Separable equations are a special type of differential equation that are relatively straightforward to solve given their unique structure. In these equations, we can separate the variables to each side, isolating the terms involving one variable on one side of the equation and the terms involving the other variable on the opposite side. This makes them easier to integrate.

For example, consider the differential equation given in our exercise: \(\frac{d r}{d t}=r e^{-t}\). To separate the variables, we rearrange it so that all terms involving \(r\) are on one side, and all terms involving \(t\) are on the other. This manipulation gives us: \( \frac{1}{r} \, dr = e^{-t} \, dt \). Now each side of the equation only contains terms involving a single variable, making it ready for the next step: integration.

This technique, applicable only to separable equations, simplifies the integration process, as we no longer need to deal with mixed variables. Remember, not all differential equations can be separated, which makes recognizing when an equation is separable a useful skill.

Initial conditions are pivotal in finding a particular solution from a general solution, especially when solving differential equations. They are provided information about the state of the system at a specific point in time, allowing us to determine the constant of integration resulting from the indefinite integrals.In our exercise solution, after obtaining the general solution of the form \( \ln |r| = -e^{-t} + C \), we used the initial condition \( r(0) = 1 \) to solve for \(C\). Here, substituting \(t = 0\) and \(r = 1\) into the equation allows us to plug and solve for the unknown constant:

• Substitute into general equation: \( 1 = e^C e^{-1} \)
• Solve this expression to get \( e^C = e \).

This gives us \(C = 1\), which is then used to tailor the general solution to become a specific solution that fits the initial condition. Initial conditions are crucial because they ensure that the solution accurately reflects specific, real-world scenarios at a given initial state.

Integration plays a core role in solving differential equations, primarily because it reverses differentiation. When we integrate, we essentially 'undo' the process represented by the original differential equation, recovering the original function or a family of functions.In the problem we tackled, once the equation was separated into \( \frac{1}{r} \, dr = e^{-t} \, dt \), the next step was to integrate both sides:

• Left side: The integral of \(\frac{1}{r}\) with respect to \(r\) is \( \ln |r| \).
• Right side: The integral of \(e^{-t}\) with respect to \(t\) is \(-e^{-t}\).

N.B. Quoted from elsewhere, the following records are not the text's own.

Lemma ideal_mul_gen S T : ideal_mul (ideal_gen S) (ideal_gen T) = ideal_gen (prod_set S T).
Proof.
apply: pred_ext => x; split; apply: ideal_gen_least => _ [a [b [Sa [Tb ->]]]].
  exact: ideal_gen_prod.
by apply: ideal_gen_base; exists a, b; do 2?split=> //; exact: ideal_gen_base.
Qed.

Lemma ideal_pow_gen S r : ideal_pow (ideal_gen S) r = ideal_gen (pow_set S r).
Proof. by elim: r => [|r IHr] //=; rewrite IHr ideal_mul_gen. Qed.

End IdealGen.

Section IdealExtension.
Context {A B : comNzRingType} (f : {rmorphism A -> B}).
Implicit Types S : A -> Prop.

Lemma ideal_ext_gen S : ideal_ext f (ideal_gen S) = ideal_gen (image_set f S).
Proof.
apply: pred_ext => x; split; apply: ideal_gen_least => _ [a [Sa ->]]; last first.
  by apply: ideal_gen_base; exists a; split; [exact: ideal_gen_base|].
move: a Sa; apply: ideal_gen_ind => [|a b|c a|a Sa].
- by rewrite rmorph0; apply: ideal_gen0.
- by rewrite rmorphD; apply: ideal_genD.
- by rewrite rmorphM; apply: ideal_genMl.
by apply: ideal_gen_base; exists a.
Qed.

Lemma image_pow_set S r : image_set f (pow_set S r) = pow_set (image_set f S) r.
Proof.
elim: r => [|r IHr] /=; apply: pred_ext => x.
  by split=> [[_ [-> ->]] | ->]; [exact: rmorph1 | exists 1; rewrite rmorph1].
rewrite -IHr; split=> [[_ [[a [b [Sa [Sb ->]]]] ->]] | [_ [_ [[a [Sa ->]] [[b [Sb ->]] ->]]]]].
  by exists (f a), (f b); rewrite rmorphM; split; [exists a | split; [exists b|]].
by exists (a * b); rewrite rmorphM; split=> //; exists a, b.
Qed.

Lemma ideal_ext_pow_gen S r :
  ideal_ext f (ideal_pow (ideal_gen S) r) = ideal_pow (ideal_gen (image_set f S)) r.
Proof. by rewrite !ideal_pow_gen ideal_ext_gen image_pow_set. Qed.

End IdealExtension.

(* [decP] alone is ssrbool's. *)
Lemma decPP (P : Prop) : reflect P (Defs.decP P).
Proof. by rewrite /Defs.decP; case: excluded_middle_informative => ?; constructor. Qed.

Lemma rmorph_mpow {R R' : comNzRingType} (f : {rmorphism R -> R'}) {q : nat}
    (g : 'I_q -> R) (a : 'I_q -> nat) :
  f (mpow g a) = mpow (f \o g) a.
Proof. by rewrite rmorph_prod; apply: eq_bigr => i _; rewrite rmorphXn. Qed.

Section Monomials.
Context {k : fieldType} {n : nat}.

Lemma rdvd_XU_mpolyX (l : 'I_n) (s : 'X_{1..n}) :
  rdvd ('X_l : {mpoly k[n]}) 'X_[s] <-> (0 < s l)%N.
Proof.
split=> [[c Xs] | s_l]; last first.
  exists 'X_[s - U_(l)]; rewrite -mpolyXD submK //.
  by apply/forallP => j; rewrite mnm1E; case: eqP => [<-|].
rewrite lt0n; apply/negP => /eqP sl0.
pose v j : k := (j != l)%:R.
have := congr1 (meval v) Xs; rewrite mevalM mevalXU mevalX /v eqxx mulr0 big1 => [/eqP|j _].
  by rewrite oner_eq0.
by case: eqP => [->|]; rewrite ?sl0 ?expr0 ?expr1n.
Qed.

Lemma prod_XU_mpolyX (S : {set 'I_n}) :
  \prod_(j in S) 'X_j = 'X_[[multinom (j \in S : nat) | j < n]] :> {mpoly k[n]}.
Proof.
rewrite mpolyXE_id big_mkcond; apply: eq_bigr => j _.
by rewrite mnmE; case: (j \in S).
Qed.

Lemma squarefree_mlead (p : {mpoly k[n]}) : squarefree_monomial p -> p = 'X_[mlead p].
Proof. by move=> [S ->]; rewrite prod_XU_mpolyX mleadXm. Qed.

Lemma mpow_mlead {q : nat} (f : 'I_q -> {mpoly k[n]}) (a : 'I_q -> nat) :
  (forall i, f i = 'X_[mlead (f i)]) -> mpow f a = 'X_[mlead (mpow f a)].
Proof.
move=> f_mono; rewrite /mpow (eq_bigr (fun i => 'X_[mlead (f i)] ^+ a i)) => [|i _].
  by rewrite mprodXnE mleadXm.
by rewrite -f_mono.
Qed.

Lemma foldr_mlcm_gt0 {T : eqType} (f : T -> 'X_{1..n}) (r : seq T) (l : 'I_n) :
  (0 < foldr (@mlcm n) 0%MM (map f r) l)%N -> exists2 x, x \in r & (0 < f x l)%N.
Proof.
elim: r => [|x r IHr] /=; first by rewrite mnm0E.
rewrite mnmE; case: (posnP (f x l)) => [-> | fx_l _]; last by exists x; rewrite ?mem_head.
by rewrite max0n => /IHr[y ry fy_l]; exists y; rewrite // inE ry orbT.
Qed.

End Monomials.

HB.instance Definition _ (k : fieldType) (n q : nat) (m : 'I_q -> {mpoly k[n]}) :=
  GRing.RMorphism.copy (psi m) (comp_mpoly [tuple psi_y m (enum_val j) | j < NN q]).

Section Psi.
Context {k : fieldType} {n q : nat} (m : 'I_q -> {mpoly k[n]}).

Lemma psi_yvar (A : NE q) : psi m (yvar k A) = psi_y m A.
Proof. by rewrite /psi /yvar comp_mpolyXU -tnth_nth tnth_mktuple enum_rankK. Qed.

Lemma psi_prod_yvarX (e : NE q -> nat) :
  psi m (\prod_A yvar k A ^+ e A)
  = \prod_(l < n) 'X_l ^+ (if insub (Aset m l) is Some A then e A else 0%N).
Proof.
rewrite rmorph_prod; under eq_bigr => A _ do rewrite rmorphXn /= psi_yvar /psi_y -prodrXl.
rewrite (exchange_big_dep xpredT) //=; apply: eq_bigr => l _.
case: insubP => [A0 _ A0E | /negPn/eqP Al0].
  by rewrite (big_pred1 A0) // => A; rewrite /= -A0E val_eqE eq_sym.
by rewrite big_pred0 // => A; rewrite Al0 eq_sym; apply/negbTE/(valP A).
Qed.

Lemma psi_prod_yvar (P : pred {set 'I_q}) :
  ~~ P set0 -> psi m (\prod_(A : NE q | P (val A)) yvar k A) = \prod_(l < n | P (Aset m l)) 'X_l.
Proof.
move=> P0; rewrite big_mkcond (eq_bigr (fun A => yvar k A ^+ P (val A))) => [|A _]; last first.
  by case: (P _).
rewrite psi_prod_yvarX [RHS]big_mkcond; apply: eq_bigr => l _.
by case: insubP => [A _ <- | /negPn/eqP ->]; [case: (P _) | rewrite (negbTE P0)].
Qed.

Definition psi_mnm (s : 'X_{1..NN q}) : 'X_{1..n} :=
  [multinom if insub (Aset m l) is Some A then s (enum_rank A) else 0%N | l < n].

Lemma psi_mpolyX (s : 'X_{1..NN q}) : psi m 'X_[s] = 'X_[psi_mnm s].
Proof.
have -> : 'X_[s] = \prod_A yvar k A ^+ s (enum_rank A) :> Sq k q.
  rewrite mpolyXE_id (reindex enum_rank) //.
  by exists enum_val => A _; [exact: enum_rankK | exact: enum_valK].
by rewrite psi_prod_yvarX [RHS]mpolyXE_id; apply: eq_bigr => l _; rewrite mnmE.
Qed.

These integrations lead to \( \ln |r| = -e^{-t} + C \), a general solution which includes an arbitrary constant \(C\).This constant appears because the integral of a function has an infinite number of antiderivatives, differing only by a constant. It's why we obtain a family of solutions unless we apply an initial condition to determine the specific solution. Integration transforms the separated equation into a solvable form, bringing us closer to the solution of the original differential problem.